With both of our port speeds set to 19200, we attempted to send some 
files.  First, we sent compressed news batches.  Oh my God!!!   It worked!!!
They went through just fine, showing a transfer rate of 1079 Bps.  This
is definitely an improvement over the 959 Bps we typically see with
9600 baud port speeds.  We were ecstatic!  Then, we tries sending something
which was NOT already compressed - we used the 3.51m kernel - compresses
pretty much using V.42bis.  Total failure!  The sending system spit out
a stat showing file transfer at over 1800 Bps, but the receiving system
NEVER saw the Completion message in UUCP.  It never recognized the file
coming in.  We also tried MNP5 - same results.

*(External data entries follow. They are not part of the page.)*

Definition generic (R : fieldType) (V : int -> 'cV[R]_3) (a b : int -> R) : Prop :=
  [/\ forall i : int, \det (rho V i) != 0,
      forall i : int, a i != 0
    & forall i : int, Ainv V a b i != 0].

From HB Require Import structures.
From mathcomp Require Import all_boot all_order all_algebra.
From mathcomp Require Import ring zify.
Set Implicit Arguments. Unset Strict Implicit. Unset Printing Implicit Defensive.
Import Order.TTheory GRing.Theory Num.Theory.
Local Open Scope ring_scope.

(* Work in the frame V_{-1}, V_0, V_1 of the normalized lift.  The forward lift
   gives V_{N+k} = M T(V_{k-1}) for k >= 1, and since T(V_{-1}) is a multiple of
   W = V_1 - b_{-2} V_{-1}, the twist condition gives V_N = L M W for a scalar L.
   Determinants of three consecutive T(V_i) factor through the A's, which yields
   c_N = det rho_{N+1} = A_0 A_1 / c_{-1} and c_{N+1} c_N = det rho_{N+2} = A_1 A_2.
   The backward lift V_{-1} = M^-1 Tbar(V_N) expresses c_{N+1} and a_{-1} through L,
   the normalization det rho_N = 1 pins L down, V_{-2} = M^-1 Tbar(V_{N-1}) together
   with the recurrence at N - 1 gives a_{N-1}, and the recurrence at N gives b_N.
   Eliminating L yields (i)-(iii). *)

Lemma det_mx3E (R : comNzRingType) (A : 'M[R]_3) (f : nat -> nat -> R) :
  (forall i j : 'I_3, A i j = f i j) ->
  \det A = f 0 0 * (f 1 1 * f 2 2 - f 1 2 * f 2 1)
         - f 0 1 * (f 1 0 * f 2 2 - f 1 2 * f 2 0)
         + f 0 2 * (f 1 0 * f 2 1 - f 1 1 * f 2 0).
Proof.
move=> Af; rewrite (expand_det_row _ ord0) !big_ord_recl big_ord0 /cofactor.
rewrite !(expand_det_row _ ord0) !big_ord_recl !big_ord0 /cofactor.
by rewrite !det_mx11 !mxE !Af /= /bump /=; ring.
Qed.

Section Coordinates.
Variable R : fieldType.
Implicit Types (u v w : 'cV[R]_3) (k : R).

Lemma vcoP u v :
  vco u 0 = vco v 0 -> vco u 1 = vco v 1 -> vco u 2 = vco v 2 -> u = v.
Proof.
move=> e0 e1 e2; apply/matrixP => i j; rewrite (ord1 j).
by have := inord_val i; case: i => [[|[|[|m]]] lt_i3] //= <-.
Qed.

Lemma vcoD u v i : vco (u + v) i = vco u i + vco v i. Proof. by rewrite /vco mxE. Qed.
Lemma vcoN u i : vco (- u) i = - vco u i. Proof. by rewrite /vco mxE. Qed.
Lemma vcoZ k u i : vco (k *: u) i = k * vco u i. Proof. by rewrite /vco mxE. Qed.
Lemma vco0 i : vco (0 : 'cV[R]_3) i = 0. Proof. by rewrite /vco mxE. Qed.

Lemma vco_cross0 u v : vco (cross u v) 0 = vco u 1 * vco v 2 - vco u 2 * vco v 1.
Proof. by rewrite {1}/vco mxE inordK. Qed.
Lemma vco_cross1 u v : vco (cross u v) 1 = vco u 2 * vco v 0 - vco u 0 * vco v 2.
Proof. by rewrite {1}/vco mxE inordK. Qed.
Lemma vco_cross2 u v : vco (cross u v) 2 = vco u 0 * vco v 1 - vco u 1 * vco v 0.
Proof. by rewrite {1}/vco mxE inordK. Qed.

Lemma det3E u v w : det3 u v w =
  vco u 0 * (vco v 1 * vco w 2 - vco w 1 * vco v 2)
  - vco v 0 * (vco u 1 * vco w 2 - vco w 1 * vco u 2)
  + vco w 0 * (vco u 1 * vco v 2 - vco v 1 * vco u 2).
Proof.
rewrite /det3 (@det_mx3E _ _ (fun i j =>
  if j == 0%N then vco u i else if j == 1%N then vco v i else vco w i)) /=; first by ring.
by move=> i j; rewrite /mx3 mxE /vco !inord_val.
Qed.

End Coordinates.

Ltac vsimp := rewrite ?det3E ?(vcoD, vcoZ, vcoN, vco0, vco_cross0, vco_cross1, vco_cross2).
Ltac vring := apply: vcoP; vsimp; ring.

Section VectorIdentities.
Variable R : fieldType.
Implicit Types (u v w p q r x : 'cV[R]_3) (k : R).

Lemma det3M (M : 'M[R]_3) u v w : det3 (M *m u) (M *m v) (M *m w) = \det M * det3 u v w.
Proof.
rewrite /det3 -det_mulmx; congr (\det _); apply/matrixP => i j.
rewrite !mxE; case: ifP => j0; [|case: ifP => j1];
  by apply: eq_bigr => l _; rewrite !mxE ?j0 ?j1.
Qed.

Lemma det3Zl k u v w : det3 (k *: u) v w = k * det3 u v w.
Proof. vsimp; ring. Qed.

Lemma det3Zr k u v w : det3 u v (k *: w) = k * det3 u v w.
Proof. vsimp; ring. Qed.

Lemma det3_lin1 k1 k2 k3 p q r : det3 (k1 *: p + k2 *: q + k3 *: r) q r = k1 * det3 p q r.
Proof. vsimp; ring. Qed.

Lemma det3_lin3 k1 k2 k3 p q r : det3 p q (k1 *: p + k2 *: q + k3 *: r) = k3 * det3 p q r.
Proof. vsimp; ring. Qed.

(* (p x q) x (x x w) = det(p, q, w) x - det(p, q, x) w *)
Lemma cross_eq0_det3 p q x w :
  cross x w = 0 -> det3 p q w *: x = det3 p q x *: w.
Proof.
move=> xw0; apply/eqP; rewrite -subr_eq0; apply/eqP.
have -> : det3 p q w *: x - det3 p q x *: w = cross (cross p q) (cross x w) by vring.
by rewrite xw0; vring.
Qed.

End VectorIdentities.

Section Recurrence.
Variables (R : fieldType) (V : int -> 'cV[R]_3) (a b : int -> R).
Hypothesis recV : forall i, V (i + 3) = a i *: V (i + 2) + b i *: V (i + 1) + cinv V i *: V i.

Local Notation D i := (\det (rho V i)).
Local Notation c := (cinv V).
Local Notation A := (Ainv V a b).

Lemma det_rhoE i : D i = det3 (V i) (V (i + 1)) (V (i + 2)).
Proof. by []. Qed.

Lemma det_rhoS i : D (i + 1) = c i * D i.
Proof.
rewrite (det_rhoE (i + 1)) (det_rhoE i).
have -> : i + 1 + 1 = i + 2 by ring.
have -> : i + 1 + 2 = i + 3 by ring.
by rewrite recV; vsimp; ring.
Qed.

Lemma TvE i : Tv V (i + 1) = D i *: (a i *: V (i + 2) + c i *: V i).
Proof.
rewrite /Tv addrK det_rhoE.
have -> : i + 1 + 1 = i + 2 by ring.
have -> : i + 1 + 2 = i + 3 by ring.
by rewrite recV; vring.
Qed.

Lemma TbarE i : Tbar V (i + 2) = (c (i + 3) * D i) *: (V (i + 3) - a i *: V (i + 2)).
Proof.
rewrite /Tbar addrK det_rhoE -scalerA.
have -> : i + 2 + 1 = i + 3 by ring.
have -> : i + 2 - 1 = i + 1 by ring.
by rewrite recV; congr (_ *: _); vring.
Qed.

Lemma det3_Tv i :
  det3 (Tv V (i + 1)) (Tv V (i + 2)) (Tv V (i + 3)) =
  D i * D (i + 1) ^+ 2 * D (i + 2) * A (i + 1) * A (i + 2).
Proof.
have T2 : Tv V (i + 2) = D (i + 1) *: (a (i + 1) *: V (i + 3) + c (i + 1) *: V (i + 1)).
  by have := TvE (i + 1); rewrite -!addrA.
have T3 : Tv V (i + 3) = D (i + 2) *: (a (i + 2) *: V (i + 4) + c (i + 2) *: V (i + 2)).
  by have := TvE (i + 2); rewrite -!addrA.
have V4 : V (i + 4) = a (i + 1) *: V (i + 3) + b (i + 1) *: V (i + 2) + c (i + 1) *: V (i + 1).
  by have := recV (i + 1); rewrite -!addrA.
have D2 : D (i + 2) = c (i + 1) * D (i + 1).
  by have := det_rhoS (i + 1); rewrite -!addrA.
rewrite TvE T2 T3 V4 recV D2 det_rhoS /Ainv (_ : i + 2 - 1 = i + 1) ?addrK; last by ring.
by rewrite det_rhoE; vsimp; ring.
Qed.

End Recurrence.

Section NormalizedLift.
Variables (R : fieldType) (N : nat) (M : 'M[R]_3) (V : int -> 'cV[R]_3) (a b : int -> R).
Hypothesis N_ge3 : (3 <= N)%N.
Hypothesis detM : \det M = 1.
Hypothesis VN_parallel : cross (V N%:Z) (M *m Tv V (-1)) = 0.
Hypothesis lift : normalized_lift N M V.
Hypothesis recV : forall i, V (i + 3) = a i *: V (i + 2) + b i *: V (i + 1) + cinv V i *: V i.
Hypothesis gen : generic V a b.

Local Notation n := N%:Z.
Local Notation D i := (\det (rho V i)).
Local Notation c := (cinv V).
Local Notation A := (Ainv V a b).

Lemma det_rho_normalized i : 0 <= i <= n -> D i = 1.
Proof.
case: i => // k /andP[_]; rewrite lez_nat => le_kN.
by have [_ _ ->] := lift.
Qed.

Lemma cinv_normalized i : 0 <= i < n -> c i = 1.
Proof.
move=> /andP[i_ge0 i_ltN].
by have := det_rhoS recV i; rewrite !det_rho_normalized ?mulr1 //; lia.
Qed.

Lemma cinv_m1 : c (-1) * D (-1) = 1.
Proof. by rewrite -(det_rhoS recV (-1)) det_rho_normalized //; lia. Qed.

Lemma V_lift (i : int) : 0 <= i -> V (n + (i + 1)) = M *m Tv V i.
Proof.
move=> i_ge0; have [lift_fwd _ _] := lift.
by rewrite lift_fwd ?addrK //; lia.
Qed.

Lemma det_rho_lift (i : int) : 0 <= i ->
  D (n + (i + 1)) = det3 (Tv V i) (Tv V (i + 1)) (Tv V (i + 2)).
Proof.
move=> i_ge0; rewrite det_rhoE -addrA.
rewrite (_ : n + (i + 1) + 2 = n + ((i + 2) + 1)); last by ring.
by rewrite !V_lift ?det3M ?detM ?mul1r //; lia.
Qed.

Lemma cN_det_rho : c n = D (n + 1).
Proof. by rewrite (det_rhoS recV n) (det_rho_normalized (i := n)) ?mulr1 //; lia. Qed.

Lemma cN_cm1 : c n * c (-1) = A 0 * A 1.
Proof.
have T : det3 (Tv V 0) (Tv V 1) (Tv V 2) = D (-1) * D 0 ^+ 2 * D 1 * A 0 * A 1 :=
  det3_Tv recV (-1).
rewrite cN_det_rho (det_rho_lift (i := 0)) // T.
rewrite (det_rho_normalized (i := 0)) ?(det_rho_normalized (i := 1)); try lia.
by rewrite expr1n !mulr1 mulrC !mulrA cinv_m1 mul1r.
Qed.

Lemma cN_closed : c n = A 0 * A 1 * D (-1).
Proof. by rewrite -cN_cm1 -mulrA cinv_m1 mulr1. Qed.

Lemma cN1_cN : c (n + 1) * c n = A 1 * A 2.
Proof.
have T : det3 (Tv V 1) (Tv V 2) (Tv V 3) = D 0 * D 1 ^+ 2 * D 2 * A 1 * A 2 :=
  det3_Tv recV 0.
rewrite cN_det_rho -(det_rhoS recV) -addrA (det_rho_lift (i := 1)) // T.
by rewrite !det_rho_normalized ?expr1n ?mul1r //; lia.
Qed.

Lemma A0E : A 0 = 1 + a 0 * b (-1).
Proof. by rewrite /Ainv cinv_normalized //; lia. Qed.

Lemma A1E : A 1 = 1 + a 1 * b 0.
Proof. by rewrite /Ainv cinv_normalized //; lia. Qed.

This makes sense.  If the data to be transferred is already compressed,
then there's not much the modem compression will add, so the throughput
at the 3b1 port will be very close to the throughput on the phone line,
which is 9600 baud, or a bit higher when the start/stop bits are removed.
So, the system limits itself to some data transmission rate over the port,
and the 3b1 seems to be able to handle it.  Then, when you pass it something
which is NOT compressed, V.42bis can really crunch it, and therefore the
DCE-to-DCE rate of transfer ends up being much slower than that at the port,
and the port can't keep up.  1800 Bps is fairly close to the 19200 
capability, and the PC loses characters.  So, if there were some way to
always limit the transmission rate between modems, a 19200 port speed 
could probably be maintained.

Now, to adequately demonstrate that HFC works in one direction, we now
set one of the port speeds to 9600 baud.  Now, if the system with the
9600 baud port speed sends data to the one with the 19200 port speed,
then the port speed on the sending system is limiting the rate of 
transfer - everything works fine.  If the receiving system is the one
with the 9600 port speed, then the following happens.  The modems
continue to talk at the same rate, but the modem at the receiving end
starts to buffer incoming data, since the data is arriving faster than
the port can offload it, and eventually the modem detects pending
overflow.  So, the modem asserts HFC, which is detected by the sending
modem, which asserts HFC to the 3b1.  Now, the port at the 3b1 detects
CTS being negated, and it stops the flow of data.  Fine!  Everything
works ok.  And, in the example I gave above where we sent compressed
batches with a port speed of 19200, the SENDING modem's buffer starts
to fill up, because the port is feeding it data which is can't send
to the remote modem fast enough, and the modem eventually asserts HFC,
which the outgoing port detects and limits the flow of data.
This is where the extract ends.